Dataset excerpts
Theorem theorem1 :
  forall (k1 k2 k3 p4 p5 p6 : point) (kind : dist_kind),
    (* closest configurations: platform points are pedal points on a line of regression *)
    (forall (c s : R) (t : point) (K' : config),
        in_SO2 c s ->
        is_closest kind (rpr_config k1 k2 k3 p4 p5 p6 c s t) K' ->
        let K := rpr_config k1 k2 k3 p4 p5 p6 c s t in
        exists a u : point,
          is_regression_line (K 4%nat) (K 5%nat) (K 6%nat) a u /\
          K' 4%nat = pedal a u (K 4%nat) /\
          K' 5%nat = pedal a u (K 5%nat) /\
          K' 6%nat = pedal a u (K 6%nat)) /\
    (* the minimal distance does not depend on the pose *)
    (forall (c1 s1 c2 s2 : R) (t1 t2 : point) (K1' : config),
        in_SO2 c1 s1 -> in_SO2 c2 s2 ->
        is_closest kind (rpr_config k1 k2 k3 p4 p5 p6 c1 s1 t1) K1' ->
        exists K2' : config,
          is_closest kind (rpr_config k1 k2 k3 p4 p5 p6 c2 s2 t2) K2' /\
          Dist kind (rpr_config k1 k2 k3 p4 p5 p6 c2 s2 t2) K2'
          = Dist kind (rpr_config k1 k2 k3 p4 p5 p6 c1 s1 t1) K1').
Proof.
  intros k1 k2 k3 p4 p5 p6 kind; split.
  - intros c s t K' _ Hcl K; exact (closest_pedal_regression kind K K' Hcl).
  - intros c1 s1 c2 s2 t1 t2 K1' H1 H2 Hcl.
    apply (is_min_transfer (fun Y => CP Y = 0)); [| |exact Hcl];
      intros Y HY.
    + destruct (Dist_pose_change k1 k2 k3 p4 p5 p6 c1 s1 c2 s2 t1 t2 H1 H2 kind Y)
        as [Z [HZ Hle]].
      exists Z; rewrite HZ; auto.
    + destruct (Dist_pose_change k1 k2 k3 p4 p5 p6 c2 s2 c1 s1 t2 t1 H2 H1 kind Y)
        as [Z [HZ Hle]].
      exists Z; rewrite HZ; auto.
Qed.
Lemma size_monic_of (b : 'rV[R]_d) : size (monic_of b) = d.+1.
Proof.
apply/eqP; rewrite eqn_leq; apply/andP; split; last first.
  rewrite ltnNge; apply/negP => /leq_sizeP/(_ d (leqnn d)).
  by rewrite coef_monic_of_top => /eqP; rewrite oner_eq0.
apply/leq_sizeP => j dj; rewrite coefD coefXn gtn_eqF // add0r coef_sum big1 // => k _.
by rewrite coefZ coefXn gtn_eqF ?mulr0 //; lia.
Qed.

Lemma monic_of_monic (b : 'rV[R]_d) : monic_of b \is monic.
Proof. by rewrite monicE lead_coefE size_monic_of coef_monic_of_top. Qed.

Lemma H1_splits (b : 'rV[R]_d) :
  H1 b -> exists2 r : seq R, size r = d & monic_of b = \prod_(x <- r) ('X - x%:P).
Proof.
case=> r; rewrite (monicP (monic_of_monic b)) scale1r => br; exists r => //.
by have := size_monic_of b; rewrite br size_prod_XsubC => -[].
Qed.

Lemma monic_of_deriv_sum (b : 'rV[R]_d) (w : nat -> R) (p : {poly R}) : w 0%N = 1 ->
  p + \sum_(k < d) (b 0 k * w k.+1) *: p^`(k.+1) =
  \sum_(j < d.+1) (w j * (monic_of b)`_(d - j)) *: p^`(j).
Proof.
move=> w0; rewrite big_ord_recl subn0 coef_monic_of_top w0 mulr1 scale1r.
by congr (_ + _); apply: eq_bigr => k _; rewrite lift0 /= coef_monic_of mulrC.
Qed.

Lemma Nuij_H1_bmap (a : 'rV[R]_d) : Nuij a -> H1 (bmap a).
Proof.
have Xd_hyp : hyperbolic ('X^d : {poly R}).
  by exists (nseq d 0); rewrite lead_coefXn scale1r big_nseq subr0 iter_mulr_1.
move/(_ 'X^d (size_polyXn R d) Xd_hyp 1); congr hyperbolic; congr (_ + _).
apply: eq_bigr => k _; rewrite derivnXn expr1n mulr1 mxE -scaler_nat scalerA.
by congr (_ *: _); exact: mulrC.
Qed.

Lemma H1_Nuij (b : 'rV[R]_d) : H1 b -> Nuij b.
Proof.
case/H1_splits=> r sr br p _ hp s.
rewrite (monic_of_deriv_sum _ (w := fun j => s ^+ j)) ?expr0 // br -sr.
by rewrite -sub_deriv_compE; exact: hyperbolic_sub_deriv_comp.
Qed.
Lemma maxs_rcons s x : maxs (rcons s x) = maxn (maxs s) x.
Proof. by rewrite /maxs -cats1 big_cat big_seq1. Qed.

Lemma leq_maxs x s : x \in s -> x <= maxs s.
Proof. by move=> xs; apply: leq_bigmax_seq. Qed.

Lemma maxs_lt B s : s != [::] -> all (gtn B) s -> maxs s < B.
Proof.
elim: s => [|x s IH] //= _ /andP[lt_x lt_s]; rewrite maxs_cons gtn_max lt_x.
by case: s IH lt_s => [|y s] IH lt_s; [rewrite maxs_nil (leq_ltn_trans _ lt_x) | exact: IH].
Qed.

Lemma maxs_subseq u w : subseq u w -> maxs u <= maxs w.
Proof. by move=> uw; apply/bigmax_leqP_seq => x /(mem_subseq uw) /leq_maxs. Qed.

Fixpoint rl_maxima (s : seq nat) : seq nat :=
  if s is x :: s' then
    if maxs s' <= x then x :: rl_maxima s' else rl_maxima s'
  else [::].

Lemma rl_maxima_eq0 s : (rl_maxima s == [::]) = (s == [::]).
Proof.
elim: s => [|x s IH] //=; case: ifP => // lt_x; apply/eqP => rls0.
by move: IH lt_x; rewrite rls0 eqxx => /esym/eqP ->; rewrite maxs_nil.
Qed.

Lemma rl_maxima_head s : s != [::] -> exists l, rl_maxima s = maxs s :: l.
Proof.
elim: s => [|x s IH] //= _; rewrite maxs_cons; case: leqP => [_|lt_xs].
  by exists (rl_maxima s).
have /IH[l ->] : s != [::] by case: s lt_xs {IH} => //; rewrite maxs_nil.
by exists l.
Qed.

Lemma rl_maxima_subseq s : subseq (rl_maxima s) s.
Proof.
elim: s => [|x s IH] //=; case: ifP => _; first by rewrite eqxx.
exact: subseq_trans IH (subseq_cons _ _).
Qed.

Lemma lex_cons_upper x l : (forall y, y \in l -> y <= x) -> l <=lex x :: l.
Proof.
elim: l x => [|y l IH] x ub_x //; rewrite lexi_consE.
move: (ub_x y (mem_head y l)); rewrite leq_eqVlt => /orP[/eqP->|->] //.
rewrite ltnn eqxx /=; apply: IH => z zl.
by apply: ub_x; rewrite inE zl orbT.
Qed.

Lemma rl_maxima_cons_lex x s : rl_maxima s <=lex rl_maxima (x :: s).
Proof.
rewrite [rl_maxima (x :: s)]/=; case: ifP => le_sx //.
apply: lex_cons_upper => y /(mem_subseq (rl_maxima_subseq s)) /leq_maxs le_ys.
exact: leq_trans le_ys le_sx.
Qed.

→ **What is being asked**:
Begin at the line that has "Lemma size_monic_of (b" in the entries above; stop after the line that has "by rewrite coef_monic_of_top". Transcribe exactly those lines and no others.

→ **Exercise solution**:
Lemma size_monic_of (b : 'rV[R]_d) : size (monic_of b) = d.+1.
Proof.
apply/eqP; rewrite eqn_leq; apply/andP; split; last first.
  rewrite ltnNge; apply/negP => /leq_sizeP/(_ d (leqnn d)).
  by rewrite coef_monic_of_top => /eqP; rewrite oner_eq0.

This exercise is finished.